In full disclosure, while we tried to mimic IC Insight’s restrictions for all spotlighted deals, there may be deals that should not have been included or overestimation of the net value of individual deals according to the restrictions they used, for which a portion of a given deal or the deal itself may have fallen under one of the restricted categories. In 2016, for example, the combined value of all acquisitions alone comprises more than the $103B in M&A activity estimated by IC Insights – it is likely that a proportion of each deal or one of the deals itself was not included in IC Insight’s net estimates. There was also a difference in their estimate of the value of the NXP acquisition that was eventually rejected by regulators – IC Insights estimated this deal value at $38.5B, while we quoted the $47B valuation at the time the acquisition announcement was made. These errors are not important to the overall message that this diagram is meant to convey, but important to note for accuracy and that the proportion of any individual deal’s value relative to the net M&A activity may be disproportionately high for any given year. For a comprehensive list of sources, please see a fully annotated version of Figure 9-12 in Appendix B.

We’ve covered a lot of ground in the last five sections; you can see a summary of the five major industry dynamics we reviewed in Figure 9-13.

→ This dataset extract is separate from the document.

(* Let $t$ be a well-formed tree over $\tilde A_{i,k}$, $\Sigma$ a winning strategy of $P$ in $\mathcal G(t)$, $u\in\Sigma$, and $j$ a $P$-losing number. Then $$s(u,\Sigma){\upharpoonright}j=\sup_{w\in\mathrm{act}_u(\Sigma,j)}\big(s(w,\Sigma){\upharpoonright}j\big)=\sup_{w\in\mathrm{act}_u(\Sigma,j)}\big(s(\varepsilon,\Sigma{\upharpoonright}w){\upharpoonright}j\big),$$ where the empty supremum is the all-zero tuple.
   Context: Fix natural numbers $i<k$. Trees over a ranked alphabet are partial maps $t:\omega^*\to A$ with non-empty prefix-closed domain where a node with an $m$-ary label has exactly the children $u0,\ldots,u(m-1)$; $t{\upharpoonright}u$ is the subtree at $u$, $\preceq$ the prefix order. The alphabet $\tilde A_{i,k}$ has unary letters $p_i,\ldots,p_k$, a unary letter $\sim$, and binary letters $c_1,c_2$. Players $1,2$; $\bar P$ the opponent. Well-formed: no branch has infinitely many $\sim$. A node $u$ is switched if an odd number of strict prefixes $w\prec u$ have $t(w)=\sim$, kept otherwise. The game $\mathcal G(t)$: positions are nodes, moves to children, start at the root; $u$ is controlled by $P$ iff ($u$ kept and $t(u)=c_P$) or ($u$ switched and $t(u)=c_{\bar P}$). An infinite play is won by player 1 iff it is (eventually) kept and the least $j$ with infinitely many nodes labelled $p_j$ is even, or (eventually) switched and this $j$ is odd (take $j=k$ if none occurs infinitely often). A strategy of $P$ is a set $\Sigma\subseteq\mathrm{dom}(t)$ containing the root, prefix-closed, where each $u\in\Sigma$ controlled by $P$ has exactly one child in $\Sigma$ and every other $u\in\Sigma$ has all children in $\Sigma$; winning if every branch all of whose prefixes lie in $\Sigma$ is won by $P$. For $u\in\Sigma$, $\Sigma{\upharpoonright}u=\{w: uw\in\Sigma\}$; when no strict prefix of $u$ is labelled $\sim$ it is a winning strategy of $P$ in $\mathcal G(t{\upharpoonright}u)$, and $s(\cdot,\Sigma{\upharpoonright}u)$ is computed with respect to the tree $t{\upharpoonright}u$. $P$-losing numbers: $j\in\{i,\ldots,k\}$ odd for $P=1$, even for $P=2$; $i',k'$ least/largest. Tuples $(\theta_{i'},\theta_{i'+2},\ldots,\theta_{k'})$ of countable ordinals are ordered lexicographically (smaller index more significant), suprema in this order; for a $P$-losing $j$, $(\theta_{i'},\ldots,\theta_{k'}){\upharpoonright}j=(\theta_{i'},\ldots,\theta_j)$. A node $u\in\Sigma$ is active if $t(u)=p_j$ for a $P$-losing $j$ and no strict prefix $w\prec u$ has $t(w)=\sim$ or $t(w)=p_{j'}$ with $j'<j$; $\mathrm{act}(\Sigma)$ is the set of active nodes, and $\mathrm{act}_u(\Sigma,j)=\{w\in\mathrm{act}(\Sigma): u\preceq w,\ t(w)=p_{j''}\text{ with }j''\le j\}$. $u\gg w$ iff $u,w\in\Sigma$, $u\prec w$ and some $w'\in\mathrm{act}(\Sigma)$ has $u\preceq w'\preceq w$ (well-founded for winning $\Sigma$). $\mathrm{succ}_u(\Sigma)$ is the set of $\preceq$-minimal elements of $\{w\in\mathrm{act}(\Sigma):u\preceq w\}$. The map $s(\cdot,\Sigma)$ is defined by well-founded recursion along $\gg$: (a) if $u\in\mathrm{act}(\Sigma)$, $t(u)=p_j$ and $s(u0,\Sigma)=(\theta_{i'},\ldots,\theta_{k'})$, then $s(u,\Sigma)=(\theta_{i'},\ldots,\theta_{j-2},\theta_j+1,0,\ldots,0)$; (b) if $u\notin\mathrm{act}(\Sigma)$, then $s(u,\Sigma)=\sup_{w\in\mathrm{succ}_u(\Sigma)}s(w,\Sigma)$ (empty supremum $=(0,\ldots,0)$). *)

From mathcomp Require Import all_boot.
From Stdlib Require Import ClassicalEpsilon.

A wheel chart of major industry dynamics with five factors named market volatility, high capital intensity, compensation and productivity growth, long-term profitability, and industry consolidation.

Figure 9-13

Major Semiconductor Industry Dynamics

US vs. International Semiconductor Market

Since 1999, the United States has maintained approximately 50% of semiconductor market share and currently controls about 47% with sales totaling $208 billion in 2020 (SIA Factbook, 2021). The US continues to house most Design Companies and IDMs, and while some design companies are growing in Europe and Asia, these companies are still predominantly US-based design efforts. Manufacturing and Assembly Firms are located predominantly in Taiwan and Asia Pacific, although manufacturing may be moving more to India and South Asia. Long-term market dominance may be related to the high rates of R&D investment by US companies, which spend more on R&D as a percentage of sales than any other country (see Figure 9-14).

A horizontal bar graph of a relation between expenditure sales in the U S, Europe, Japan, China, emerging markets, and global. Most in the U S 18.6 % and the least in China 6.8 %.

Figure 9-14

R&D Expenditures as a Percent of Sales by Region (SIA Factbook, 2021)

We can see a detailed analysis of Semiconductor Value Chain Activities and Consumption broken down by Region in Figure 9-15. This data was drawn from BSG and SIA’s report on Strengthening the Global Semiconductor Supply Chain shows how different countries and regions specialize in separate parts of the supply chain. The United States, for example, leads in areas that require intensive R&D like Logic and EDA and core IP, while Asia focuses more on areas that are labor-intensive and require significant capital expenditure like Materials, Wafer Fabrication, Assembly, Packaging, and Testing (Varas et al., 2021).

A bar graph of market share in the U S, China, Taiwan, Japan, Europe, and others in eight factors named E D A and I P, logic, analog plus O S D, memory, manual equipment, materials, wafer fabrication, and Assem, phg, and test.

Figure 9-15

Semiconductor Value Chain Activities - Market Share by Region (Varas et al., 2021)

We can further illustrate the broad and interdependent nature of the semiconductor supply chain by tracking the value-add activities required to make a smartphone organized by region (see Figure 9-16). In order to design and manufacture the processor powering the cell phone in your pocket, the efforts of multitudes of companies across the globe specializing in everything from materials procurement to lithographic equipment design must be coordinated and integrated to create a single finished product (Varas et al., 2021). Figure 9-16 is organized by each step of the Semiconductor Value Chain (think back to Figure 1-11 in Chapter 1) and is color coded to match the world map for each step our new IC takes.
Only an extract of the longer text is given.